Work order >> Your answer is the lines below, exactly, from the one that contains "Lemma fusion_ge (A" through the one that contains "by move=> pq; rewrite sum_bprod", both included.

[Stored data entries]
Lemma notin_subset (T : finType) (i : T) (A Y : {set T}) :
  i \notin A -> Y \subset A -> i \notin Y.
Proof. by move=> iA /subsetP YA; apply: contra iA => /YA. Qed.

Lemma big_powersetU1 (R : Type) (idx : R) (op : Monoid.com_law idx)
    (T : finType) (F : {set T} -> R) (i : T) (A : {set T}) :
  i \notin A ->
  \big[op/idx]_(Y in powerset (i |: A)) F Y
    = \big[op/idx]_(Y in powerset A) op (F Y) (F (i |: Y)).
Proof.
move=> iA; rewrite big_split [LHS](bigID (fun Y : {set T} => i \in Y)) /= Monoid.mulmC.
congr (op _ _).
  apply: eq_bigl => Y; rewrite !powersetE; apply/andP/idP => [[YiA iY]|YA].
    apply/subsetP => x xY; move/subsetP/(_ x xY): YiA; rewrite !inE.
    by case/predU1P => // xi; rewrite -xi xY in iY.
  by rewrite (subset_trans YA (subsetUr _ _)) (notin_subset iA YA).
rewrite (reindex_onto (fun Y => i |: Y) (fun Y => Y :\ i)) /=; last first.
  by move=> Y /andP [_ iY]; rewrite setD1K.
apply: eq_bigl => Y; rewrite !powersetE setU11 andbT.
apply/andP/idP => [[YiA /eqP <-]|YA].
  by rewrite -(setU1K iA) setSD.
by rewrite setUS // setU1K // (notin_subset iA YA).
Qed.

Section ProductMeasure.
Variables (R : comPzRingType) (T : finType) (p q : T -> R).

(* Probability that, among the independent sensors in A, exactly those in Y report 1, when
   sensor i reports 1 with probability p i and 0 with probability q i. *)
Definition bprod (A Y : {set T}) : R := (\prod_(i in Y) p i) * \prod_(i in A :\: Y) q i.

Lemma bprodU1_out (i : T) (A Y : {set T}) :
  i \notin A -> Y \subset A -> bprod (i |: A) Y = bprod A Y * q i.
Proof.
rewrite /bprod => iA YA; have iAY : i \notin A :\: Y by rewrite inE negb_and iA orbT.
have -> : (i |: A) :\: Y = i |: (A :\: Y).
  by apply/setP => x; rewrite !inE; case: eqP => // ->; rewrite (notin_subset iA YA).
by rewrite big_setU1 //= mulrCA mulrC.
Qed.

Lemma bprodU1_in (i : T) (A Y : {set T}) :
  i \notin A -> Y \subset A -> bprod (i |: A) (i |: Y) = bprod A Y * p i.
Proof.
move=> iA YA; rewrite /bprod big_setU1 ?(notin_subset iA YA) //=.
have -> : (i |: A) :\: (i |: Y) = A :\: Y.
  by apply/setP => x; rewrite !inE; case: eqP => // ->; rewrite (negbTE iA) andbF.
by rewrite [RHS]mulrC mulrA.
Qed.

Lemma sum_bprod (A : {set T}) :
  \sum_(Y in powerset A) bprod A Y = \prod_(i in A) (p i + q i).
Proof.
elim/setU1_ind: A => [|i A iA IH].
  by rewrite powerset0 big_set1 big_set0 /bprod setDv !big_set0 mulr1.
rewrite big_powersetU1 // big_setU1 //= -IH mulr_sumr; apply: eq_big => // Y.
rewrite powersetE => YA; rewrite bprodU1_in // bprodU1_out //; ring.
Qed.

End ProductMeasure.

Lemma max_le_split (R : realDomainType) (x y s s' t t' : R) :
  0 <= x -> 0 <= y -> 0 <= s -> 0 <= s' -> 0 <= t -> 0 <= t' ->
  s + s' = 1 -> t + t' = 1 ->
  Num.max x y <= Num.max (x * s) (y * t) + Num.max (x * s') (y * t').
Proof.
move=> x0 y0 s0 s'0 t0 t'0 ss' tt'; rewrite ge_max; apply/andP; split.
  rewrite -[x in x <= _]mulr1 -ss' mulrDr.
  by apply: lerD; rewrite le_max lexx.
rewrite -[y in y <= _]mulr1 -tt' mulrDr.
by apply: lerD; rewrite le_max lexx orbT.
Qed.

Definition prob_pair (R : numDomainType) (T : Type) (p q : T -> R) :=
  forall i, [/\ 0 <= p i, 0 <= q i & p i + q i = 1].

Lemma bprod_ge0 (R : numDomainType) (T : finType) (p q : T -> R) (A Y : {set T}) :
  prob_pair p q -> 0 <= bprod p q A Y.
Proof. by move=> pq; rewrite mulr_ge0 // prodr_ge0 // => i; case: (pq i). Qed.

Section OptimalFusion.
Variables (R : realDomainType) (T : finType) (a b : R) (p1 q1 p2 q2 : T -> R).
Hypotheses (a_ge0 : 0 <= a) (b_ge0 : 0 <= b).
Hypotheses (pq1 : prob_pair p1 q1) (pq2 : prob_pair p2 q2).

Definition fusion (A : {set T}) : R :=
  \sum_(Y in powerset A) Num.max (a * bprod p1 q1 A Y) (b * bprod p2 q2 A Y).

Lemma fusion0 : fusion set0 = Num.max a b.
Proof. by rewrite /fusion powerset0 big_set1 /bprod setDv !big_set0 !mulr1. Qed.

Lemma fusionU1 (i : T) (A : {set T}) : i \notin A -> fusion A <= fusion (i |: A).
Proof.
move=> iA; rewrite /fusion big_powersetU1 //; apply: ler_sum => Y.
rewrite powersetE => YA; rewrite !bprodU1_in // !bprodU1_out //.
have := bprod_ge0 A Y pq1; have := bprod_ge0 A Y pq2; have [? ? ?] := pq1 i; have [? ? ?] := pq2 i.
move: (bprod p1 q1 A Y) (bprod p2 q2 A Y) => P1 P2 P2_ge0 P1_ge0.
by rewrite !mulrA; apply: max_le_split; rewrite 1?addrC ?mulr_ge0.
Qed.

Lemma fusion_ge (A : {set T}) : Num.max a b <= fusion A.
Proof.
elim/setU1_ind: A => [|i A iA IH]; first by rewrite fusion0.
exact: le_trans IH (fusionU1 iA).
Qed.

Lemma fusion_le (A : {set T}) : fusion A <= a + b.
Proof.
have sum1 (p q : T -> R) : prob_pair p q -> \sum_(Y in powerset A) bprod p q A Y = 1.
  by move=> pq; rewrite sum_bprod big1 // => i _; case: (pq i).
rewrite -[a]mulr1 -[b]mulr1 -{1}(sum1 _ _ pq1) -(sum1 _ _ pq2) !mulr_sumr -big_split.
apply: ler_sum => Y _; rewrite ge_max; apply/andP; split.
  by rewrite lerDl mulr_ge0 // bprod_ge0.
by rewrite lerDr mulr_ge0 // bprod_ge0.
Qed.

End OptimalFusion.

Section SensingUtility.
Variables (R : realFieldType) (N M : nat) (Pf Pm : 'I_N -> 'I_M -> R) (Tc : R).
Variables (pi0 gamma : 'I_M -> R).
Hypotheses (Pf01 : forall i k, 0 <= Pf i k <= 1) (Pm01 : forall i k, 0 <= Pm i k <= 1).
Hypotheses (Tc01 : 0 <= Tc < 1) (pi001 : forall k, 0 <= pi0 k <= 1).
Hypothesis gamma_gt0 : forall k, 0 < gamma k.

Local Notation U := (Uk Pf Pm Tc pi0 gamma).
Local Notation th1 := (theta1 Tc pi0).
Local Notation th2 := (theta2 gamma pi0).

Lemma theta1_ge0 k : 0 <= th1 k.
Proof. by have := pi001 k; rewrite /theta1; case/andP: Tc01; nra. Qed.

Lemma theta2_ge0 k : 0 <= th2 k.
Proof. by have := pi001 k; have := gamma_gt0 k; rewrite /theta2; nra. Qed.

Lemma theta_max_gt0 k : 0 < Num.max (th2 k) (th1 k).
Proof.
rewrite lt_max /theta1 /theta2; have := gamma_gt0 k; have /andP [] := pi001 k.
case/andP: Tc01 => _ Tc_lt1; rewrite le_eqVlt => /predU1P [<- _ _ | pi0_gt0 _ _].
  by rewrite subr0 mulr1 gamma_gt0.
by rewrite orbC mulr_gt0 // subr_gt0.
Qed.

Lemma Pm_prob_pair k : prob_pair (fun i => 1 - Pm i k) (Pm ^~ k).
Proof. by move=> i; have /andP [? ?] := Pm01 i k; split; rewrite ?subr_ge0 ?subrK. Qed.

Lemma Pf_prob_pair k : prob_pair (Pf ^~ k) (fun i => 1 - Pf i k).
Proof. by move=> i; have /andP [? ?] := Pf01 i k; split; rewrite ?subr_ge0 // addrC subrK. Qed.

Lemma Uk_fusion k (A : {set 'I_N}) : A != set0 ->
  U k A = fusion (th2 k) (th1 k) (fun i => 1 - Pm i k) (Pm ^~ k) (Pf ^~ k) (fun i => 1 - Pf i k) A.
Proof. by rewrite /Uk => /negbTE ->. Qed.

Lemma Uk_ge_theta k (A : {set 'I_N}) : A != set0 -> Num.max (th2 k) (th1 k) <= U k A.
Proof.
move=> A0; rewrite Uk_fusion //.
exact: fusion_ge (theta2_ge0 k) (theta1_ge0 k) (Pm_prob_pair k) (Pf_prob_pair k) A.
Qed.

Lemma Uk_ge0 k (A : {set 'I_N}) : 0 <= U k A.
Proof.
have [->|A0] := eqVneq A set0; first by rewrite /Uk eqxx theta2_ge0.
exact: le_trans (ltW (theta_max_gt0 k)) (Uk_ge_theta k A0).
Qed.

Lemma Uk_le_theta k (A : {set 'I_N}) : U k A <= th2 k + th1 k.
Proof.
have [->|A0] := eqVneq A set0; first by rewrite /Uk eqxx lerDl theta1_ge0.
rewrite Uk_fusion //.
exact: fusion_le (theta2_ge0 k) (theta1_ge0 k) (Pm_prob_pair k) (Pf_prob_pair k) A.
Qed.

Lemma Uk_subU1 k (i : 'I_N) (A : {set 'I_N}) : U k A <= U k (i |: A).
Proof.
have [iA|iA] := boolP (i \in A); first by rewrite (setUidPr _) // sub1set.
have iA0 : i |: A != set0 by apply/set0Pn; exists i; rewrite setU11.
have [A0|A0] := eqVneq A set0.
  by apply: le_trans _ (Uk_ge_theta k iA0); rewrite A0 /Uk eqxx le_max lexx.
rewrite !Uk_fusion //.
exact: (fusionU1 (theta2_ge0 k) (theta1_ge0 k) (Pm_prob_pair k) (Pf_prob_pair k) iA).
Qed.

Lemma U0_ge_theta k : (0 < N)%N -> Num.max (th2 k) (th1 k) <= U0 U k.
Proof.
move=> N_gt0; have set1_ge (i : 'I_N) : Num.max (th2 k) (th1 k) <= U1 U k i.
  by apply: Uk_ge_theta; apply/set0Pn; exists i; rewrite set11.
by apply: le_bigmin => [|i _]; rewrite // (bigmax_sup (Ordinal N_gt0)) ?inE.
Qed.

Lemma U0_gt0 k : (0 < N)%N -> 0 < U0 U k.
Proof. by move=> N_gt0; exact: lt_le_trans (theta_max_gt0 k) (U0_ge_theta k N_gt0). Qed.

Lemma Uk_le_twice_U0 k (A : {set 'I_N}) : (0 < N)%N -> U k A <= 2 * U0 U k.
Proof.
move=> N_gt0; apply: le_trans (Uk_le_theta k A) _.
have := U0_ge_theta k N_gt0; rewrite ge_max => /andP [th2_le th1_le].
by rewrite mulr2n mulrDl mul1r lerD.
Qed.

End SensingUtility.

Section Algorithm.
Variables (R : realFieldType) (N M : nat) (Uf : 'I_M -> {set 'I_N} -> R) (l : 'I_N -> nat).
Hypothesis Uf_ge0 : forall k A, 0 <= Uf k A.
Hypothesis Uf_subU1 : forall k i A, Uf k A <= Uf k (i |: A).

Lemma OPT_le_sum (b : 'I_M -> R) :
  (forall k, 0 <= b k) -> (forall k A, Uf k A <= b k) -> OPT Uf l <= \sum_k b k.
Proof.
move=> b_ge0 Uf_le; apply: bigmax_le => [|S _]; first exact: sumr_ge0.
exact: ler_sum.
Qed.

Lemma greedy_step_ge S i S' : greedy_step Uf S i S' -> throughput Uf S <= throughput Uf S'.
Proof.
case=> [[k _ [_ ->]] | [_ ->] //]; apply: ler_sum => k' _.
by rewrite ffunE; case: eqP => // ->.
Qed.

Solution for this exercise >>
Lemma fusion_ge (A : {set T}) : Num.max a b <= fusion A.
Proof.
elim/setU1_ind: A => [|i A iA IH]; first by rewrite fusion0.
exact: le_trans IH (fusionU1 iA).
Qed.

Lemma fusion_le (A : {set T}) : fusion A <= a + b.
Proof.
have sum1 (p q : T -> R) : prob_pair p q -> \sum_(Y in powerset A) bprod p q A Y = 1.
  by move=> pq; rewrite sum_bprod big1 // => i _; case: (pq i).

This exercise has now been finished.